= Beginning of Section =

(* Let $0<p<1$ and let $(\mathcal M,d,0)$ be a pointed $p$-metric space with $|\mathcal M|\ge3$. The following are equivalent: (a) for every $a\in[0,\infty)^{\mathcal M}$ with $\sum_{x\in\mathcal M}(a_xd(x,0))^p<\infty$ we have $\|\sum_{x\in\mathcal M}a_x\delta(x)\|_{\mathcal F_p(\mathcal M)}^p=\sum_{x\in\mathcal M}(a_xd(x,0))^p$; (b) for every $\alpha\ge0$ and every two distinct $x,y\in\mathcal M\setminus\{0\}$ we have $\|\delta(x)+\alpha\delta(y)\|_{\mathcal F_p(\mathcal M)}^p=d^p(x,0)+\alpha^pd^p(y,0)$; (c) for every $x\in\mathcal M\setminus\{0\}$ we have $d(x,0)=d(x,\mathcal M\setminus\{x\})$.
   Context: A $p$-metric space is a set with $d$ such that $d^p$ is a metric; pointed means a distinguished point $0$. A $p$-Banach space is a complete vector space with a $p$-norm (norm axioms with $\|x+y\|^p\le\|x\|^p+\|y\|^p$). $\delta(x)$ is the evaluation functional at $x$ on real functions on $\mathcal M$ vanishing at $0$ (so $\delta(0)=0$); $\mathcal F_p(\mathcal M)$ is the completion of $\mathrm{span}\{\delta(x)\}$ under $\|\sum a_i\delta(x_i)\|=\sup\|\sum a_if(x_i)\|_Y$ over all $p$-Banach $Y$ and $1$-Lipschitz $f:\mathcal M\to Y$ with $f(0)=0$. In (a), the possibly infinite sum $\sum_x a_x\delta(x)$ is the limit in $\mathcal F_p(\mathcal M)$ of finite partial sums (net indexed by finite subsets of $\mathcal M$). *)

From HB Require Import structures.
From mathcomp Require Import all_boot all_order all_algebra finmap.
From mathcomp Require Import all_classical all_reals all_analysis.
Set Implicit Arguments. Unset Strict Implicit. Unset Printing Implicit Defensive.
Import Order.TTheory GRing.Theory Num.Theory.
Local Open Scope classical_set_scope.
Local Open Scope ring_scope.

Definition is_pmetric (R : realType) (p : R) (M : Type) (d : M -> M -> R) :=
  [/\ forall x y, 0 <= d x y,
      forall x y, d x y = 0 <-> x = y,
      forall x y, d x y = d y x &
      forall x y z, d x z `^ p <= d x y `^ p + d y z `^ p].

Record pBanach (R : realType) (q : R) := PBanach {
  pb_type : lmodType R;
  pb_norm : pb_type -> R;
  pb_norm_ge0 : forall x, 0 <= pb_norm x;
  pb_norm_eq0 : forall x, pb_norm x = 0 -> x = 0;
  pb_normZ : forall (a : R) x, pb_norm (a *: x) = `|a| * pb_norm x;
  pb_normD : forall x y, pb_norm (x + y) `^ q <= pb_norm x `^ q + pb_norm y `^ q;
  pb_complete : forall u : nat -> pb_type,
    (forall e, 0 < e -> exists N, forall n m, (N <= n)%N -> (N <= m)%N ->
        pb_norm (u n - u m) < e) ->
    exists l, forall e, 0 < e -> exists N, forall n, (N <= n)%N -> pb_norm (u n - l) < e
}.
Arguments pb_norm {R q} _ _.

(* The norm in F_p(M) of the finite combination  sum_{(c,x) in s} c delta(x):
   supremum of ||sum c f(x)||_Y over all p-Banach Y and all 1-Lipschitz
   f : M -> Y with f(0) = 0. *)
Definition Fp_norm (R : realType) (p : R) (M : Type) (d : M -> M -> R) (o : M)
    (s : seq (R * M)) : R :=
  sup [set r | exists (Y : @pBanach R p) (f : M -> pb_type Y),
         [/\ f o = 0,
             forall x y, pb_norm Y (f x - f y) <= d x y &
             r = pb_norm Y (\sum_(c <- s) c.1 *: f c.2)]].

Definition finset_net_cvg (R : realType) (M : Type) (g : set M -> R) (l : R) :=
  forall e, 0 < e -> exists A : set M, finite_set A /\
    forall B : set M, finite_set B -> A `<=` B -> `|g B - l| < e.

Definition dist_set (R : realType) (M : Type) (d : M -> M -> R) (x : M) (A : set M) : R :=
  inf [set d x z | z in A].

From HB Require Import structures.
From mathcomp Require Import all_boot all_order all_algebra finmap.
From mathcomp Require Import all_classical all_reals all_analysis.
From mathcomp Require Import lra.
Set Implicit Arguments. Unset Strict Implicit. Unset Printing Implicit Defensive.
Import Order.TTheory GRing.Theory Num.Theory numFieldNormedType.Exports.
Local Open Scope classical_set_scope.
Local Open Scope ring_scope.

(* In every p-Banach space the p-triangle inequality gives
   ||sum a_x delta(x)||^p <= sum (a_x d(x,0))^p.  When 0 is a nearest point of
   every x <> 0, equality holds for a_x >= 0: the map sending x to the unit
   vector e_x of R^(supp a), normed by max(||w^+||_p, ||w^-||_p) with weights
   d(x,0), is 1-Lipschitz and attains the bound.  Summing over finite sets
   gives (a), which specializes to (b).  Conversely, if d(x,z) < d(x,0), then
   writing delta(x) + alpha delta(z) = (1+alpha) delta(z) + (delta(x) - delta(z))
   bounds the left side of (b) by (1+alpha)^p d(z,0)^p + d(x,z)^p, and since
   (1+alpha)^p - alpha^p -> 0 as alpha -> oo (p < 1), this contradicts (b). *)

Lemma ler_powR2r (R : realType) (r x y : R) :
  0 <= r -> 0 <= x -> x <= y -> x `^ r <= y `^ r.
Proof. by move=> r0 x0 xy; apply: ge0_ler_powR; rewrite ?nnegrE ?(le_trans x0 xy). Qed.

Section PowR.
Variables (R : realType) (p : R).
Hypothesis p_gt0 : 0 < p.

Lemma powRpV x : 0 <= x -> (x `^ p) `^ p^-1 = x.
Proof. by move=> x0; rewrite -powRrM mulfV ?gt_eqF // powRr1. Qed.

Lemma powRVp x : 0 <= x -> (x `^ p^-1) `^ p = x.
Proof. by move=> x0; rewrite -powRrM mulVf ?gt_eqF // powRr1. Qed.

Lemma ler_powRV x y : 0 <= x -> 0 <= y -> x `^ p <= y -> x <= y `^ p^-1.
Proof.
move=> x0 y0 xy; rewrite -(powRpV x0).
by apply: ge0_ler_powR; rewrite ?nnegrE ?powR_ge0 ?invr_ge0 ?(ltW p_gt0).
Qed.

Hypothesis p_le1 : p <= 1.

= End of Section =

Write the data out again in full. Match it word for word.

(* Let $0<p<1$ and let $(\mathcal M,d,0)$ be a pointed $p$-metric space with $|\mathcal M|\ge3$. The following are equivalent: (a) for every $a\in[0,\infty)^{\mathcal M}$ with $\sum_{x\in\mathcal M}(a_xd(x,0))^p<\infty$ we have $\|\sum_{x\in\mathcal M}a_x\delta(x)\|_{\mathcal F_p(\mathcal M)}^p=\sum_{x\in\mathcal M}(a_xd(x,0))^p$; (b) for every $\alpha\ge0$ and every two distinct $x,y\in\mathcal M\setminus\{0\}$ we have $\|\delta(x)+\alpha\delta(y)\|_{\mathcal F_p(\mathcal M)}^p=d^p(x,0)+\alpha^pd^p(y,0)$; (c) for every $x\in\mathcal M\setminus\{0\}$ we have $d(x,0)=d(x,\mathcal M\setminus\{x\})$.
   Context: A $p$-metric space is a set with $d$ such that $d^p$ is a metric; pointed means a distinguished point $0$. A $p$-Banach space is a complete vector space with a $p$-norm (norm axioms with $\|x+y\|^p\le\|x\|^p+\|y\|^p$). $\delta(x)$ is the evaluation functional at $x$ on real functions on $\mathcal M$ vanishing at $0$ (so $\delta(0)=0$); $\mathcal F_p(\mathcal M)$ is the completion of $\mathrm{span}\{\delta(x)\}$ under $\|\sum a_i\delta(x_i)\|=\sup\|\sum a_if(x_i)\|_Y$ over all $p$-Banach $Y$ and $1$-Lipschitz $f:\mathcal M\to Y$ with $f(0)=0$. In (a), the possibly infinite sum $\sum_x a_x\delta(x)$ is the limit in $\mathcal F_p(\mathcal M)$ of finite partial sums (net indexed by finite subsets of $\mathcal M$). *)

From HB Require Import structures.
From mathcomp Require Import all_boot all_order all_algebra finmap.
From mathcomp Require Import all_classical all_reals all_analysis.
Set Implicit Arguments. Unset Strict Implicit. Unset Printing Implicit Defensive.
Import Order.TTheory GRing.Theory Num.Theory.
Local Open Scope classical_set_scope.
Local Open Scope ring_scope.

Definition is_pmetric (R : realType) (p : R) (M : Type) (d : M -> M -> R) :=
  [/\ forall x y, 0 <= d x y,
      forall x y, d x y = 0 <-> x = y,
      forall x y, d x y = d y x &
      forall x y z, d x z `^ p <= d x y `^ p + d y z `^ p].

Record pBanach (R : realType) (q : R) := PBanach {
  pb_type : lmodType R;
  pb_norm : pb_type -> R;
  pb_norm_ge0 : forall x, 0 <= pb_norm x;
  pb_norm_eq0 : forall x, pb_norm x = 0 -> x = 0;
  pb_normZ : forall (a : R) x, pb_norm (a *: x) = `|a| * pb_norm x;
  pb_normD : forall x y, pb_norm (x + y) `^ q <= pb_norm x `^ q + pb_norm y `^ q;
  pb_complete : forall u : nat -> pb_type,
    (forall e, 0 < e -> exists N, forall n m, (N <= n)%N -> (N <= m)%N ->
        pb_norm (u n - u m) < e) ->
    exists l, forall e, 0 < e -> exists N, forall n, (N <= n)%N -> pb_norm (u n - l) < e
}.
Arguments pb_norm {R q} _ _.

(* The norm in F_p(M) of the finite combination  sum_{(c,x) in s} c delta(x):
   supremum of ||sum c f(x)||_Y over all p-Banach Y and all 1-Lipschitz
   f : M -> Y with f(0) = 0. *)
Definition Fp_norm (R : realType) (p : R) (M : Type) (d : M -> M -> R) (o : M)
    (s : seq (R * M)) : R :=
  sup [set r | exists (Y : @pBanach R p) (f : M -> pb_type Y),
         [/\ f o = 0,
             forall x y, pb_norm Y (f x - f y) <= d x y &
             r = pb_norm Y (\sum_(c <- s) c.1 *: f c.2)]].

Definition finset_net_cvg (R : realType) (M : Type) (g : set M -> R) (l : R) :=
  forall e, 0 < e -> exists A : set M, finite_set A /\
    forall B : set M, finite_set B -> A `<=` B -> `|g B - l| < e.

Definition dist_set (R : realType) (M : Type) (d : M -> M -> R) (x : M) (A : set M) : R :=
  inf [set d x z | z in A].

From HB Require Import structures.
From mathcomp Require Import all_boot all_order all_algebra finmap.
From mathcomp Require Import all_classical all_reals all_analysis.
From mathcomp Require Import lra.
Set Implicit Arguments. Unset Strict Implicit. Unset Printing Implicit Defensive.
Import Order.TTheory GRing.Theory Num.Theory numFieldNormedType.Exports.
Local Open Scope classical_set_scope.
Local Open Scope ring_scope.

(* In every p-Banach space the p-triangle inequality gives
   ||sum a_x delta(x)||^p <= sum (a_x d(x,0))^p.  When 0 is a nearest point of
   every x <> 0, equality holds for a_x >= 0: the map sending x to the unit
   vector e_x of R^(supp a), normed by max(||w^+||_p, ||w^-||_p) with weights
   d(x,0), is 1-Lipschitz and attains the bound.  Summing over finite sets
   gives (a), which specializes to (b).  Conversely, if d(x,z) < d(x,0), then
   writing delta(x) + alpha delta(z) = (1+alpha) delta(z) + (delta(x) - delta(z))
   bounds the left side of (b) by (1+alpha)^p d(z,0)^p + d(x,z)^p, and since
   (1+alpha)^p - alpha^p -> 0 as alpha -> oo (p < 1), this contradicts (b). *)

Lemma ler_powR2r (R : realType) (r x y : R) :
  0 <= r -> 0 <= x -> x <= y -> x `^ r <= y `^ r.
Proof. by move=> r0 x0 xy; apply: ge0_ler_powR; rewrite ?nnegrE ?(le_trans x0 xy). Qed.

Section PowR.
Variables (R : realType) (p : R).
Hypothesis p_gt0 : 0 < p.

Lemma powRpV x : 0 <= x -> (x `^ p) `^ p^-1 = x.
Proof. by move=> x0; rewrite -powRrM mulfV ?gt_eqF // powRr1. Qed.

Lemma powRVp x : 0 <= x -> (x `^ p^-1) `^ p = x.
Proof. by move=> x0; rewrite -powRrM mulVf ?gt_eqF // powRr1. Qed.

Lemma ler_powRV x y : 0 <= x -> 0 <= y -> x `^ p <= y -> x <= y `^ p^-1.
Proof.
move=> x0 y0 xy; rewrite -(powRpV x0).
by apply: ge0_ler_powR; rewrite ?nnegrE ?powR_ge0 ?invr_ge0 ?(ltW p_gt0).
Qed.

Hypothesis p_le1 : p <= 1.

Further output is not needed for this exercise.